◆ **Material to process**
________________________________________
Lemma sum_fair_split :
  \sum_(i < 2) (cost c T fh i - NEP_surplus / 2) = sys_cost c T (flow fs).
Proof. by rewrite /NEP_surplus !sum_ord2; lra. Qed.

Lemma NBS_fair_split gt : is_NBS c T r fh gt ->
  gt = fun i => (cost c T fh i - NEP_surplus / 2)%:E.
Proof.
move=> [gt_G [gt_le gt_max]].
have Jfh i : J c T fh i = (cost c T fh i)%:E := J_below_capacity T i fh_cap.
have [y [gtE y_sum]] : exists y : 'I_2 -> R,
    gt = (fun i => (y i)%:E) /\ sys_cost c T (flow fs) <= \sum_(i < 2) y i.
  apply: (in_G_finite_bound hc hr hcap hT hNE hopt gt_G) => i.
  by apply: le_lt_trans (gt_le i) _; rewrite Jfh ltry.
have y_le i : y i <= cost c T fh i by have := gt_le i; rewrite gtE Jfh lee_fin.
have [fb [fb_feas fb_flow] fb_cost] := fair_split.
have fb_cap : below_capacity c fb by move=> l; rewrite fb_flow; apply: fs_cap.
have Jfb i : J c T fb i = (cost c T fh i - NEP_surplus / 2)%:E.
  by rewrite (J_below_capacity T i fb_cap) fb_cost.
have fb_le i : (J c T fb i <= J c T fh i)%E.
  by rewrite Jfb Jfh lee_fin; have := NEP_surplus_ge0; lra.
have := gt_max _ (in_G_profile c T fb_feas) fb_le.
rewrite !eprod_ord2 gtE !Jfb !Jfh -!EFinB -!EFinM lee_fin.
have half a : a - (a - NEP_surplus / 2) = NEP_surplus / 2.
  by rewrite opprB addrC subrK.
rewrite !half => half_sq.
have surplusE : NEP_surplus =
    cost c T fh ord0 + cost c T fh ord_max - sys_cost c T (flow fs) := NEP_surplusE ord0.
rewrite sum_ord2 in y_sum.
have u_eq : cost c T fh ord0 - y ord0 = NEP_surplus / 2.
  apply: (budget_product_max (v := cost c T fh ord_max - y ord_max)) half_sq.
  - by rewrite subr_ge0 y_le.
  - by rewrite subr_ge0 y_le.
  - lra.
have v_eq : cost c T fh ord_max - y ord_max = NEP_surplus / 2.
  apply: (budget_product_max (v := cost c T fh ord0 - y ord0)).
  - by rewrite subr_ge0 y_le.
  - by rewrite subr_ge0 y_le.
  - lra.
  - by rewrite [X in _ <= X]mulrC.
by apply/funext => i; congr EFin; case: (ord2P i) => ->; lra.
Qed.

End TwoUsers.

Theorem theorem3p2 (R : realType) (L : nat) (c : 'I_L -> R) (T : R -> R)
    (r : 'I_2 -> R)
    (hc : forall l, 0 < c l)
    (hr : forall i, 0 < r i)
    (hcap : \sum_(i < 2) r i < \sum_(l < L) c l)
    (hT : forall l, link_cost_ok (c l) (fun x => T (c l - x)))
    (fh : profile R 2 L) (hNE : is_NEP c T r fh)
    (gt : 'I_2 -> \bar R) (hNBS : is_NBS c T r fh gt)
    (fs : profile R 2 L) (hopt : is_sysopt c T r fs) :
  ((\sum_(i < 2) gt i) * (Jsys c T fs)^-1 = 1)%E /\
  exists fb : profile R 2 L,
    feasible r fb /\ (forall l, flow fb l = flow fs l) /\
    gt = fun i => J c T fb i.
Proof.
have fs_cap := sysopt_below_capacity hc hr hcap hT hNE hopt.
have gtE := NBS_fair_split hc hr hcap hT hNE hopt hNBS.
have [fb [fb_feas fb_flow] fb_cost] := fair_split hc hr hcap hT hNE hopt.
have opt_gt0 : 0 < sys_cost c T (flow fs).
  apply: (sys_cost_gt0 hT) => [l|].
    by rewrite fs_cap andbT; apply: flow_ge0 hopt.1.
  by rewrite (sum_flow hopt.1) sum_ord2; apply: addr_gt0.
split.
  rewrite gtE sumEFin sum_fair_split (Jsys_below_capacity T fs_cap).
  by rewrite divee // gt_eqF // lte_fin.
exists fb; split=> //; split=> [l|]; first by rewrite fb_flow.
have fb_cap : below_capacity c fb by move=> l; rewrite fb_flow; apply: fs_cap.
by rewrite gtE; apply/funext => i; rewrite (J_below_capacity T i fb_cap) fb_cost.
Qed.
(* Let $C_2\xrightarrow{\partial_2}C_1\xrightarrow{\partial_1}C_0$ be a 2-crossed module with Peiffer lifting $\{-,-\}$. Let $P_3\subseteq C_1$ be the (normal) subgroup generated by all $\langle\langle x,y\rangle,z\rangle$ and $\langle x,\langle y,z\rangle\rangle$, and $P_3'\subseteq C_2$ the (normal) subgroup generated by all $\{\langle x,y\rangle,z\}$ and $\{x,\langle y,z\rangle\}$, for $x,y,z\in C_1$, where $\langle x,y\rangle={}^{\partial_1x}y\,xy^{-1}x^{-1}$. Put $M=C_1/P_3$, $L=C_2/P_3'$, $N=C_0$, with quotient maps $q_1:C_1\to M$, $q_2:C_2\to L$. Then $\partial:M\to N$, $\partial(q_1x)=\partial_1x$, and $\delta:L\to M$, $\delta(q_2 l)=q_1\partial_2 l$, are well-defined homomorphisms ($\partial_1(P_3)=1$, $\partial_2(P_3')=P_3$); with $C=(M^{cr})^{ab}$ and $x\mapsto\bar x$ the quotient $M\to C$, the formula $\omega(\overline{q_1x}\otimes\overline{q_1y})=q_2\{x,y\}$ ($x,y\in C_1$) defines a homomorphism $\omega:C\otimes C\to L$, and, with the $N$-actions induced from those of the 2-crossed module, $(\omega,\delta,\partial)$, i.e. $C\otimes C\xrightarrow{\omega}L\xrightarrow{\delta}M\xrightarrow{\partial}N$, is a quadratic module.
   Context: A 2-crossed module consists of a complex of groups $C_2\xrightarrow{\partial_2}C_1\xrightarrow{\partial_1}C_0$ ($\partial_1\partial_2=1$), actions of $C_0$ on $C_1$ and $C_2$ with $\partial_2,\partial_1$ equivariant ($C_0$ acting on itself by conjugation), and a $C_0$-equivariant function $\{-,-\}:C_1\times C_1\to C_2$ such that for $l,l'\in C_2$, $m,m',m''\in C_1$, $n\in C_0$: 2CM1 $\partial_2\{m,m'\}=({}^{\partial_1 m}m')mm'^{-1}m^{-1}$; 2CM2 $\{\partial_2 l,\partial_2 l'\}=[l',l]$; 2CM3 (i) $\{mm',m''\}={}^{\partial_1 m}\{m',m''\}\{m,m'm''m'^{-1}\}$, (ii) $\{m,m'm''\}=\{m,m'\}\,{}^{mm'm^{-1}}\{m,m''\}$ where ${}^{x}l:=\{\partial_2 l,x\}l$; 2CM4 $\{m,\partial_2 l\}\{\partial_2 l,m\}={}^{\partial_1 m}l\,l^{-1}$; 2CM5 ${}^{n}\{m,m'\}=\{{}^{n}m,{}^{n}m'\}$. A pre-crossed module is a homomorphism $\partial:M\to N$ with an $N$-action on $M$ such that $\partial({}^{n}m)=n\partial(m)n^{-1}$. Its Peiffer commutator is $\langle x,y\rangle={}^{\partial x}y\,xy^{-1}x^{-1}$; $P_2(\partial)$ is the subgroup generated by Peiffer commutators, $P_3(\partial)$ the subgroup generated by Peiffer commutators of length 3 ($\langle\langle x,y\rangle,z\rangle$, $\langle x,\langle y,z\rangle\rangle$). A nil(2)-module is a pre-crossed module with $P_3(\partial)=1$. $M^{cr}=M/P_2(\partial)$, $G^{ab}=G/[G,G]$, and $C=(M^{cr})^{ab}$; $C\otimes C$ is the tensor product of abelian groups. A quadratic module $(\omega,\delta,\partial)$ is a diagram of homomorphisms $C\otimes C\xrightarrow{\omega}L\xrightarrow{\delta}M\xrightarrow{\partial}N$ with $w:C\otimes C\to M$ such that: QM1 $\partial:M\to N$ is a nil(2)-module, $C=(M^{cr})^{ab}$, $x\mapsto\bar x$ the quotient $M\to C$, and $w(\bar x\otimes\bar y)=\langle x,y\rangle$; QM2 $\partial\delta=1$ and $\delta\omega=w$, i.e. $\delta\omega(\bar x\otimes\bar y)={}^{\partial x}y\,xy^{-1}x^{-1}$; QM3 $L$ is an $N$-group, all maps are $N$-equivariant, and ${}^{\partial x}a=\omega\big((\bar x\otimes\overline{\delta a})(\overline{\delta a}\otimes\bar x)\big)a$ for $a\in L$, $x\in M$; QM4 $\omega(\overline{\delta a}\otimes\overline{\delta b})=[b,a]$ for $a,b\in L$. *)

Set Implicit Arguments.
Unset Strict Implicit.
(* Let $N\ge 1$ users and a server run the LightSecAgg protocol described in the context, with integer parameters $T\ge 0$ (privacy guarantee) and $D\ge 0$ (dropout-resiliency guarantee) satisfying $T+D<N$, and with the design parameter $U$ being any integer with $T<U\le N-D$. Then LightSecAgg simultaneously achieves (1) privacy against any set of up to $T$ colluding users (who may also collude with the server), and (2) dropout-resiliency against any set of up to $D$ dropped users, in the sense defined in the context.
   Context: Setting: there are $N$ users, indexed by $[N]=\{1,\dots,N\}$, and a server. User $i$ holds a local model $\mathbf{x}_i\in\mathbb{F}_q^d$ for a finite field $\mathbb{F}_q$; the $\mathbf{x}_i$ are independent of all randomness generated by the protocol. Users communicate with each other through private, authenticated channels (the server does not see user-to-user messages). Assume $U-T$ divides $d$. A matrix $W\in\mathbb{F}_q^{U\times N}$ is MDS if every $U\times U$ submatrix is invertible; it is $T$-private MDS if in addition the submatrix consisting of its rows $U-T+1,\dots,U$ is MDS (every $T\times T$ submatrix of it is invertible). Such matrices exist for all $U,N,T$ (for $q$ large enough). Let $W_j$ denote the $j$-th column of a fixed $T$-private MDS matrix $W$. LightSecAgg protocol with parameters $T,D,U$ ($N-D\ge U>T\ge0$): (i) Offline encoding and sharing of masks: each user $i$ independently picks $\mathbf{z}_i$ uniformly at random from $\mathbb{F}_q^d$, partitions it into $U-T$ sub-masks $[\mathbf{z}_i]_1,\dots,[\mathbf{z}_i]_{U-T}\in\mathbb{F}_q^{d/(U-T)}$, picks $[\mathbf{n}_i]_{U-T+1},\dots,[\mathbf{n}_i]_U$ independently and uniformly at random from $\mathbb{F}_q^{d/(U-T)}$, and computes for each $j\in[N]$ the encoded mask $[\tilde{\mathbf{z}}_i]_j=([\mathbf{z}_i]_1,\dots,[\mathbf{z}_i]_{U-T},[\mathbf{n}_i]_{U-T+1},\dots,[\mathbf{n}_i]_U)\cdot W_j$ (each coordinate of the vectors combined linearly with the entries of $W_j$). User $i$ sends $[\tilde{\mathbf{z}}_i]_j$ to user $j$ for each $j\ne i$. (ii) Masking and uploading: each user $i$ sends $\tilde{\mathbf{x}}_i=\mathbf{x}_i+\mathbf{z}_i$ to the server. The server identifies the set $\mathcal{U}_1\subseteq[N]$ of users whose masked models it received (surviving users). (iii) One-shot aggregate-model recovery: each surviving user $j\in\mathcal{U}_1$ sends $\sum_{i\in\mathcal{U}_1}[\tilde{\mathbf{z}}_i]_j$ to the server; after receiving any $U$ of these messages, the server decodes (using $W$) $\sum_{i\in\mathcal{U}_1}[\mathbf{z}_i]_k$ for $k\in[U-T]$, concatenates them into $\sum_{i\in\mathcal{U}_1}\mathbf{z}_i$, and outputs $\sum_{i\in\mathcal{U}_1}\tilde{\mathbf{x}}_i-\sum_{i\in\mathcal{U}_1}\mathbf{z}_i$. Privacy guarantee $T$: for every set $\mathcal{T}\subseteq[N]$ with $|\mathcal{T}|\le T$, $I\big(\{\mathbf{x}_i\}_{i\in[N]};\mathbf{Y}\,\big|\,\sum_{i\in\mathcal{U}_1}\mathbf{x}_i,\mathbf{Z}_{\mathcal{T}}\big)=0$, where $\mathbf{Y}$ is the collection of all messages received by the server (in the worst case where users deemed dropped are merely delayed, so the server receives all masked models), and $\mathbf{Z}_{\mathcal{T}}$ is the collection of all information held by the users in $\mathcal{T}$ (their models, masks and received encoded masks). Dropout-resiliency guarantee $D$: if at most $D$ users drop at any point during execution, the server correctly recovers $\sum_{i\in\mathcal{U}_1}\mathbf{x}_i$, the sum of the surviving users' models. *)

From HB Require Import structures.
From mathcomp Require Import all_boot all_order all_algebra.
From mathcomp Require Import reals exp.
Set Implicit Arguments. Unset Strict Implicit. Unset Printing Implicit Defensive.
Import Order.TTheory GRing.Theory Num.Theory.
Local Open Scope ring_scope.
________________________________________
Line count for "Strict": count the lines of the records above that contain it and give only the number.

2